- **Data supplied**:
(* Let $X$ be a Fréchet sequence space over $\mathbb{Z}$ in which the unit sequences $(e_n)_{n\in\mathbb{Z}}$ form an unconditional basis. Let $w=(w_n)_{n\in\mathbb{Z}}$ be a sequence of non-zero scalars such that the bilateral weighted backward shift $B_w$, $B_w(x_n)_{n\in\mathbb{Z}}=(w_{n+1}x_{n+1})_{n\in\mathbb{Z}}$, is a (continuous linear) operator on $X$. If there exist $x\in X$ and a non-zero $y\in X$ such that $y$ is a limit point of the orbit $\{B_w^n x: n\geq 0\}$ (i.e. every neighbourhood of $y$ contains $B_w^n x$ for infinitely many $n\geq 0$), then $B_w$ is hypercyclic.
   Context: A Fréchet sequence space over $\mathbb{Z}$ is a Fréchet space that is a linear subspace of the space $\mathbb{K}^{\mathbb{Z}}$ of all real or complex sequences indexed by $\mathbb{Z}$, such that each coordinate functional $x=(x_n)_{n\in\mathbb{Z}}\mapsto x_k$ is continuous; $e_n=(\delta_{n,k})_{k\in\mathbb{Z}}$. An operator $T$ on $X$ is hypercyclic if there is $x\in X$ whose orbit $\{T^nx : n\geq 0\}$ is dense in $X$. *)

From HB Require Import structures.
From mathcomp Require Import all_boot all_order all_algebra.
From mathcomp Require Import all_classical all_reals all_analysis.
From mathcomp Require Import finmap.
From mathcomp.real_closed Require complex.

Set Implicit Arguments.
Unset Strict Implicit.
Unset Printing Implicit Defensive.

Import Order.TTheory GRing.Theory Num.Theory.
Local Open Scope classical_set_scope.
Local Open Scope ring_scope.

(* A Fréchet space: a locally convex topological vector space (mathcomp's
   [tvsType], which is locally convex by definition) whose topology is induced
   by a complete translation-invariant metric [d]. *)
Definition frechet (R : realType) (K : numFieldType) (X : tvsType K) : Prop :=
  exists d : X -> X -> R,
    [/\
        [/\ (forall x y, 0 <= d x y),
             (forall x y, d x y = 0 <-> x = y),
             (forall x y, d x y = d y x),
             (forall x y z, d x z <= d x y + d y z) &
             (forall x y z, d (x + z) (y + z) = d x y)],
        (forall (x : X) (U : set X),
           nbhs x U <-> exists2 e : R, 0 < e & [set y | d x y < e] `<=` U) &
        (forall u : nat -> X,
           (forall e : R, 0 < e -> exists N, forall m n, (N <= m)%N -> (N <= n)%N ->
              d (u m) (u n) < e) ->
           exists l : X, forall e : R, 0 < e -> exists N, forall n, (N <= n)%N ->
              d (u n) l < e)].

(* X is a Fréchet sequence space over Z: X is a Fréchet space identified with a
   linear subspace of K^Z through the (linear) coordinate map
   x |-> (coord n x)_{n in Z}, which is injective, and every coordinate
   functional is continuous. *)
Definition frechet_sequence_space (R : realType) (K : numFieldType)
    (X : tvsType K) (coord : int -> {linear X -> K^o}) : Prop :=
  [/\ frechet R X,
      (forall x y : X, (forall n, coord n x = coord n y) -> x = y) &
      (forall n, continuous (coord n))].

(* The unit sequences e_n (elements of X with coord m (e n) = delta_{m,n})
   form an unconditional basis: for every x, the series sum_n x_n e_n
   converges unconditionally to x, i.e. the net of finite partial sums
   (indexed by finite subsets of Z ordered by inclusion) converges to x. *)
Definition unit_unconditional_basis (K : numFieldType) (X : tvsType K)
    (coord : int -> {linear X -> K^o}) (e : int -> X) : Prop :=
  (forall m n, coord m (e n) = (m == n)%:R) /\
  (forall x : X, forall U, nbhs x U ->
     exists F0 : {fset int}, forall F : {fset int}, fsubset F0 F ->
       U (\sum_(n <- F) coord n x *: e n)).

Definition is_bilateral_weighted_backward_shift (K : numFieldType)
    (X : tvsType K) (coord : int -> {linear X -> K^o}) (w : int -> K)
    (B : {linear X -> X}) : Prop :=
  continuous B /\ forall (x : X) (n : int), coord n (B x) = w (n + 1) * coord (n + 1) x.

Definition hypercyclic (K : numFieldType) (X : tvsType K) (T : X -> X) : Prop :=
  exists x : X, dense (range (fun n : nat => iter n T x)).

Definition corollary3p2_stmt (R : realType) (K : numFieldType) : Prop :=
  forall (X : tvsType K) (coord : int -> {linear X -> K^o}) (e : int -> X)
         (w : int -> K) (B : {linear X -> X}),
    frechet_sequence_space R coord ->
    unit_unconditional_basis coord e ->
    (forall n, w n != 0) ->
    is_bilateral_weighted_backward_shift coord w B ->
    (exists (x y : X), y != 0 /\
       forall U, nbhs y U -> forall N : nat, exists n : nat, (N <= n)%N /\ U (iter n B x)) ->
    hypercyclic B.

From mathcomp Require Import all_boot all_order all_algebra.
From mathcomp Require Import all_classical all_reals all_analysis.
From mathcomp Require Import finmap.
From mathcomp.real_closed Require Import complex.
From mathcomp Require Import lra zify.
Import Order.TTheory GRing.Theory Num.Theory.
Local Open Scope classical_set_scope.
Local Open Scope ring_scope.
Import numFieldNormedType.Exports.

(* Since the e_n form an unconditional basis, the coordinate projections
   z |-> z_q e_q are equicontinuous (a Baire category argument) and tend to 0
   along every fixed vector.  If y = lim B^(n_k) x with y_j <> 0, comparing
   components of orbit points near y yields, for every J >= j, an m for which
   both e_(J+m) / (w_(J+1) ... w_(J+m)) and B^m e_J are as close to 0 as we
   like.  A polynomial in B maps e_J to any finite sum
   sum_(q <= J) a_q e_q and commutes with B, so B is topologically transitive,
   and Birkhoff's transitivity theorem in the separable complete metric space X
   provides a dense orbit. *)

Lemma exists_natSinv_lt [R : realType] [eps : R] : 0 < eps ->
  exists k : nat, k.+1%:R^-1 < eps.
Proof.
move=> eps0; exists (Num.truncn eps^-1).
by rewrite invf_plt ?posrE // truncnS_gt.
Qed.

--

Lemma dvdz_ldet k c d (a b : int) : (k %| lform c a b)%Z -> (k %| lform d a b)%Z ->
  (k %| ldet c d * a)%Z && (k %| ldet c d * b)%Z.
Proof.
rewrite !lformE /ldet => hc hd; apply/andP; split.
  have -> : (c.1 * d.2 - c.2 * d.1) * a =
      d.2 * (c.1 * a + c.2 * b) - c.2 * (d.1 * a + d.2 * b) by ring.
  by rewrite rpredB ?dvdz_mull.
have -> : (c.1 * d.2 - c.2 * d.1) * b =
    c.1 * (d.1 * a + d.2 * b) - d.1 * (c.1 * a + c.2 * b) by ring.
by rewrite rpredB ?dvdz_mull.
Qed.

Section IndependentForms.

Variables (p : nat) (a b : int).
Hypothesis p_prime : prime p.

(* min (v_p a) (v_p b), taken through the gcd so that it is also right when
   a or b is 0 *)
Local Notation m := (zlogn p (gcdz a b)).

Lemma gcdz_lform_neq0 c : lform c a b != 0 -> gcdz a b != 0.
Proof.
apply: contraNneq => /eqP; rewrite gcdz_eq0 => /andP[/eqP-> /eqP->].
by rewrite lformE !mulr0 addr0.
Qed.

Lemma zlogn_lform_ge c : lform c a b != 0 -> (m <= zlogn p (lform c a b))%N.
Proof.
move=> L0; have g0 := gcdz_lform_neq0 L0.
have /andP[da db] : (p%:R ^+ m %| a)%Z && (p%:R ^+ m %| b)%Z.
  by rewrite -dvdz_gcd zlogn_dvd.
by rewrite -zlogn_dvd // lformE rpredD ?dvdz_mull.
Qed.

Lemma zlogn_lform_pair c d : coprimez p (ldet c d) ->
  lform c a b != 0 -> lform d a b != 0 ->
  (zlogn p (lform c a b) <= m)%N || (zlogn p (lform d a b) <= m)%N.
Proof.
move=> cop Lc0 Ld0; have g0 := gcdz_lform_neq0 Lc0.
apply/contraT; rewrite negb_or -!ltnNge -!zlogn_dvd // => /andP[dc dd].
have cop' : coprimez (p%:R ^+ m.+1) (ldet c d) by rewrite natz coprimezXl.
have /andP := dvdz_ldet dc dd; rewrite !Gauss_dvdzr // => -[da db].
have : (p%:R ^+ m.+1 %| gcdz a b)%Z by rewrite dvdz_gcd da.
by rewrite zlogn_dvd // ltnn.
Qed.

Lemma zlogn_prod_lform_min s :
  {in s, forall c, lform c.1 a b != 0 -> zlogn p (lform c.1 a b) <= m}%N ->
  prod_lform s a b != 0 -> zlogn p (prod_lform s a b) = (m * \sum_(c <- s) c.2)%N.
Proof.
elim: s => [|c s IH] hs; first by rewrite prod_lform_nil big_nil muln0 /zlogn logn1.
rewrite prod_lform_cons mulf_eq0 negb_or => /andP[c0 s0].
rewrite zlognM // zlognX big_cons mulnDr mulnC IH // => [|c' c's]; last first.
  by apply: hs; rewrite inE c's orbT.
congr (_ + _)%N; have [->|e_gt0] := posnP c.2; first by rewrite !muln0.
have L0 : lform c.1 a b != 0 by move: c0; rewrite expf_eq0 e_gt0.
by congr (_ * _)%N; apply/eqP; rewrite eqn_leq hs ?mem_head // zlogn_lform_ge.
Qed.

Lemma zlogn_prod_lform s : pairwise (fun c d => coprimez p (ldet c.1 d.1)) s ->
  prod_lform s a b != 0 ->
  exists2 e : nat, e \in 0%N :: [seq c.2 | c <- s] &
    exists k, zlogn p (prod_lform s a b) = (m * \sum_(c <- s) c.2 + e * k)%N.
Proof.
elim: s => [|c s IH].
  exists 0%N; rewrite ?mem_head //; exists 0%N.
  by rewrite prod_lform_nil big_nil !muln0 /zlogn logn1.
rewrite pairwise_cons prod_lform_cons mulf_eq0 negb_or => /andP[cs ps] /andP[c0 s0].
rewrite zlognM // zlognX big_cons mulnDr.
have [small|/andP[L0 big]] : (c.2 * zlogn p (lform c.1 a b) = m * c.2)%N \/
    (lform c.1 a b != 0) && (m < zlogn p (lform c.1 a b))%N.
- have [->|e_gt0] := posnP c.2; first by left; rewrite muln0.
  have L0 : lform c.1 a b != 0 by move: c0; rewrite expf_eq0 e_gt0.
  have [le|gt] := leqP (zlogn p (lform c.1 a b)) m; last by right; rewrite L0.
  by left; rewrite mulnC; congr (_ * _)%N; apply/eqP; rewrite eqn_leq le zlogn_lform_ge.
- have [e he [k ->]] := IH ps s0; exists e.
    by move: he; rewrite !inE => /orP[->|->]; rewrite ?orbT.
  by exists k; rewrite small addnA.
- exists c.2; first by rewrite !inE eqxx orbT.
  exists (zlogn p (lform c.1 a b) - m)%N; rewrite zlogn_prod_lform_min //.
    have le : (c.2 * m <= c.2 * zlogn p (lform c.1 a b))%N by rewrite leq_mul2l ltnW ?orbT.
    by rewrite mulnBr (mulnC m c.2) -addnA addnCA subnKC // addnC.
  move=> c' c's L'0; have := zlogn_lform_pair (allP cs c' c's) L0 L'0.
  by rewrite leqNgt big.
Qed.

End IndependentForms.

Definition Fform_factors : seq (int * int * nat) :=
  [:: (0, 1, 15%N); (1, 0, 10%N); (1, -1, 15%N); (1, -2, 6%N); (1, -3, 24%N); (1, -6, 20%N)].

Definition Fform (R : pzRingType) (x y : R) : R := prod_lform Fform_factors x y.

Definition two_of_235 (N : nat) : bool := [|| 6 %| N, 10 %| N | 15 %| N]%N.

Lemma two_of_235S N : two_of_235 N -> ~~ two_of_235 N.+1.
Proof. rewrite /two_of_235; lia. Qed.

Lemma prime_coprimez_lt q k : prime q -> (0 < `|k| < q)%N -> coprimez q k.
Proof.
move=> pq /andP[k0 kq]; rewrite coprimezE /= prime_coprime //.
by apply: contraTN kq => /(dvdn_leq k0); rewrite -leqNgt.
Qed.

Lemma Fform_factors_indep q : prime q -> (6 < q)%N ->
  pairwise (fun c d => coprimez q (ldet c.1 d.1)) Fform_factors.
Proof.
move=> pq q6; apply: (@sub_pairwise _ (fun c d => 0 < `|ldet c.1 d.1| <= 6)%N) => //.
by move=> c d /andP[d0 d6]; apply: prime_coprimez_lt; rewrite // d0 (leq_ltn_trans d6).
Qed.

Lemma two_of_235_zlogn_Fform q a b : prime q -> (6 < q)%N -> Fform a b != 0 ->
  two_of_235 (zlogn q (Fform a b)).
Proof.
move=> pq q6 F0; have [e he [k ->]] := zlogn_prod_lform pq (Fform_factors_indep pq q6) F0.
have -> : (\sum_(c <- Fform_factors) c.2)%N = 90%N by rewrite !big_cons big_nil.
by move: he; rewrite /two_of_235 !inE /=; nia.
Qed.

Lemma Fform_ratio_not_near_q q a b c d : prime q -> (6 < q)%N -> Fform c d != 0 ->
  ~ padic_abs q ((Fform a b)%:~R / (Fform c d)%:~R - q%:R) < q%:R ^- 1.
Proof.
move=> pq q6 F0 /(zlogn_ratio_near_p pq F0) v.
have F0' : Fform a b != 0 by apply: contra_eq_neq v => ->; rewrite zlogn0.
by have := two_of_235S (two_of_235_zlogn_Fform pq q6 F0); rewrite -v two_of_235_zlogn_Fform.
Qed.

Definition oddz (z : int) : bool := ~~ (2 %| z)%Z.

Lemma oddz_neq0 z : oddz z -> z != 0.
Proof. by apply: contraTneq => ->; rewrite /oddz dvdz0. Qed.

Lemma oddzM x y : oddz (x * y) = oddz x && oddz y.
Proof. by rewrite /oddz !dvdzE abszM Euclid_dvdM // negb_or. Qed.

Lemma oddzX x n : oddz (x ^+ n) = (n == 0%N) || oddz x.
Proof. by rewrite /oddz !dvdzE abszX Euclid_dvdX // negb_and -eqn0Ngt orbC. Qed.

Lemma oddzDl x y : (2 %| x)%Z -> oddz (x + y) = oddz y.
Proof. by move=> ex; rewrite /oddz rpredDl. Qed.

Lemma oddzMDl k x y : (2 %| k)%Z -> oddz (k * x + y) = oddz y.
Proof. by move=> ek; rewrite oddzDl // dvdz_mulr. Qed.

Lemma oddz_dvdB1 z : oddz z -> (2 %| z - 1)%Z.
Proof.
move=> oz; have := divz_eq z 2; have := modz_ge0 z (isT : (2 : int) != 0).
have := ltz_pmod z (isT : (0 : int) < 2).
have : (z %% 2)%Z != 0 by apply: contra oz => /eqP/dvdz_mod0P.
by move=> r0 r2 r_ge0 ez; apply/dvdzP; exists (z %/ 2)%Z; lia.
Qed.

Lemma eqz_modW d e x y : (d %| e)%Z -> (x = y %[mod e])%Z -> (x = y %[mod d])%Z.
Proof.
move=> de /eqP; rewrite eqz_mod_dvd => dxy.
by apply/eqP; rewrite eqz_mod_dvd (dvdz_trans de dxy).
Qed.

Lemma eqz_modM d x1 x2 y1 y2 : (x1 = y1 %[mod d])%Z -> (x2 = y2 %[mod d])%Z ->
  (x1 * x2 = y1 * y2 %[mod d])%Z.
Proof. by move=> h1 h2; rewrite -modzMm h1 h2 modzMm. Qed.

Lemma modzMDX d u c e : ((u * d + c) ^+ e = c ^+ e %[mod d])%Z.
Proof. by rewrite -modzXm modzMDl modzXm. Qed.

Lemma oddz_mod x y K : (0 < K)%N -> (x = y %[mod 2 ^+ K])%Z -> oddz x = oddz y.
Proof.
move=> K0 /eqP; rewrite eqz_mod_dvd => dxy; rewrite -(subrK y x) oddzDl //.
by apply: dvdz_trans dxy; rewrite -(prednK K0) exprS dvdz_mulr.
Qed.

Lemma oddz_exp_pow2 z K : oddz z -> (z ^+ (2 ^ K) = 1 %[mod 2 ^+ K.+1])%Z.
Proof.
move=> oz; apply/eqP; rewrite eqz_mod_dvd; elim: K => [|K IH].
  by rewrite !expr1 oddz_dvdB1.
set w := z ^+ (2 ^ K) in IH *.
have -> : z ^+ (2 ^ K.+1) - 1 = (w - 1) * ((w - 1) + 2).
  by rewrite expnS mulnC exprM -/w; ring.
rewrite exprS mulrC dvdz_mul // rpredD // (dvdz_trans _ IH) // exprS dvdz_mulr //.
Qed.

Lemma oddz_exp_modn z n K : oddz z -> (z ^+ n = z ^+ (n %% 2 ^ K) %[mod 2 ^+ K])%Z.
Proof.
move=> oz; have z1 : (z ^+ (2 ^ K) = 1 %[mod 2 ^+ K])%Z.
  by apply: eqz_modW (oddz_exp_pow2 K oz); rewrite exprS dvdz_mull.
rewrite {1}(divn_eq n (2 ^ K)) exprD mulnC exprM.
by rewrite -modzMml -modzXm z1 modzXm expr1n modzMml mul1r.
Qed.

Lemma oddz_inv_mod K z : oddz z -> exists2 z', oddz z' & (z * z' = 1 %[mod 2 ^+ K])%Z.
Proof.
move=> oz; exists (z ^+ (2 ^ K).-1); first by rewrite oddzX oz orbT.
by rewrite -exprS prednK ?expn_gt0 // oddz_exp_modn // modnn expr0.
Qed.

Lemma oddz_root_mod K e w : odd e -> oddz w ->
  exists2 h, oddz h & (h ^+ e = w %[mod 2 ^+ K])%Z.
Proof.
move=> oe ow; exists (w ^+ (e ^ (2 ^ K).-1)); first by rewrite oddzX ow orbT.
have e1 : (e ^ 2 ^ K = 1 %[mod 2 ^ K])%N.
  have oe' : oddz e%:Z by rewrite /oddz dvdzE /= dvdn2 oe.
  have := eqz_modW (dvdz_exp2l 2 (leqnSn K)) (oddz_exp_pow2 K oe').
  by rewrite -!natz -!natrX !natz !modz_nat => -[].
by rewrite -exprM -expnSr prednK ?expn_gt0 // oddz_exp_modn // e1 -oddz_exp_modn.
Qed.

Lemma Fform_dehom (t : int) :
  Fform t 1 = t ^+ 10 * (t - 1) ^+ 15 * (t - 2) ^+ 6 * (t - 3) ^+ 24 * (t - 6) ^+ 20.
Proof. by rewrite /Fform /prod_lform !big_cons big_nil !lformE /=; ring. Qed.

...

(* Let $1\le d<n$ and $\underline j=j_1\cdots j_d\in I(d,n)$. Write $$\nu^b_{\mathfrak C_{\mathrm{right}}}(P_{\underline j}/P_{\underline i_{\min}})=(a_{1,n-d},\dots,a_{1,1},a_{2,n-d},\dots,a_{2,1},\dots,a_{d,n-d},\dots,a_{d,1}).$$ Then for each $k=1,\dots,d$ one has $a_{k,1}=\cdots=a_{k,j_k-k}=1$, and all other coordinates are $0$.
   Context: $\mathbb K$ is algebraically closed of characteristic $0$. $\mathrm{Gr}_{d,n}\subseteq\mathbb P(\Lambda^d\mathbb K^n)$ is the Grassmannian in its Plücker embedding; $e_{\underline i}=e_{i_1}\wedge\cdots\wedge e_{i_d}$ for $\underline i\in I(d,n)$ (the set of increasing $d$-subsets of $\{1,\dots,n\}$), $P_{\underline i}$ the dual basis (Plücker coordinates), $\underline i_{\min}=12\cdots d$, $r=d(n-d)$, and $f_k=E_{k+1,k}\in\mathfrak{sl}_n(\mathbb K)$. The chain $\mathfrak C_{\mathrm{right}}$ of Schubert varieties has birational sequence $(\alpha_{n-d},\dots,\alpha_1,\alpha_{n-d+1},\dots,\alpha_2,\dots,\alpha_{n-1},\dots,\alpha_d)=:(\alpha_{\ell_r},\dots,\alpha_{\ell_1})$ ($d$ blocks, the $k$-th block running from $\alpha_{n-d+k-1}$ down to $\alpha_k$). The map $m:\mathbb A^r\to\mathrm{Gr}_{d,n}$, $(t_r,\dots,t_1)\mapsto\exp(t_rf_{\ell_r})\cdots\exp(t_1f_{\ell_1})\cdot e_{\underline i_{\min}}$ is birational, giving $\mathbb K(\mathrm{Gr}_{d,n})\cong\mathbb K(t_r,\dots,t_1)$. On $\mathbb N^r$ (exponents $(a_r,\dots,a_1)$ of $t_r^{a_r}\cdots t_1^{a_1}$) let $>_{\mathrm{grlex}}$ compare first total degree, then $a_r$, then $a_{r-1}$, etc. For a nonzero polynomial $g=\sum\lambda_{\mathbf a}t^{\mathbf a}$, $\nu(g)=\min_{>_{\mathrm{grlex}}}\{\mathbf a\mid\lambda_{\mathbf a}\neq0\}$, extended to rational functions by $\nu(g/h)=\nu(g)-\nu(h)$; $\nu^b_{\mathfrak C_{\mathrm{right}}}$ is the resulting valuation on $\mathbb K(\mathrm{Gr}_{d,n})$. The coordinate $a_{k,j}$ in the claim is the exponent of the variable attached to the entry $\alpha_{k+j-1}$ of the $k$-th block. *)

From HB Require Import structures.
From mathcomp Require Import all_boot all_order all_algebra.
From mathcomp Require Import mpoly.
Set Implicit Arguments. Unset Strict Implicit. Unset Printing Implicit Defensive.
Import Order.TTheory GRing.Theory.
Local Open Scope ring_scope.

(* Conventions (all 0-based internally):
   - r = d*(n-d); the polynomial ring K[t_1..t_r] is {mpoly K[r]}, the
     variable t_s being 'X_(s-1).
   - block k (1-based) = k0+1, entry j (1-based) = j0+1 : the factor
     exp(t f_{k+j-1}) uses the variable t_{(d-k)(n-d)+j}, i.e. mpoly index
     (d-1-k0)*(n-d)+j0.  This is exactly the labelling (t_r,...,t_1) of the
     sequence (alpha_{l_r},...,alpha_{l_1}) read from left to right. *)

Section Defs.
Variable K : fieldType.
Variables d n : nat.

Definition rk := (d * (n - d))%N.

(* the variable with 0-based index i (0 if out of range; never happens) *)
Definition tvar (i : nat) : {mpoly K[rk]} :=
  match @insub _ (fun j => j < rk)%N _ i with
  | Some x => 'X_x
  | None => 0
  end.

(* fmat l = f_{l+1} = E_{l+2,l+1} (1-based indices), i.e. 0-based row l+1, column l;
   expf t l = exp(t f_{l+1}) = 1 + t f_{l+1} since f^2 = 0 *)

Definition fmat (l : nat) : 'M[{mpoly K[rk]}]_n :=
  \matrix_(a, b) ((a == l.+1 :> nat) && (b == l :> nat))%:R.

- **About this exercise**: Could you set down, word for word, only the lines above from the line with "functional is continuous. *)" to the line with "Definition unit_unconditional_basis (K", including both?

- **Result for this exercise**:
   functional is continuous. *)
Definition frechet_sequence_space (R : realType) (K : numFieldType)
    (X : tvsType K) (coord : int -> {linear X -> K^o}) : Prop :=
  [/\ frechet R X,
      (forall x y : X, (forall n, coord n x = coord n y) -> x = y) &
      (forall n, continuous (coord n))].

(* The unit sequences e_n (elements of X with coord m (e n) = delta_{m,n})
   form an unconditional basis: for every x, the series sum_n x_n e_n
   converges unconditionally to x, i.e. the net of finite partial sums
   (indexed by finite subsets of Z ordered by inclusion) converges to x. *)
Definition unit_unconditional_basis (K : numFieldType) (X : tvsType K)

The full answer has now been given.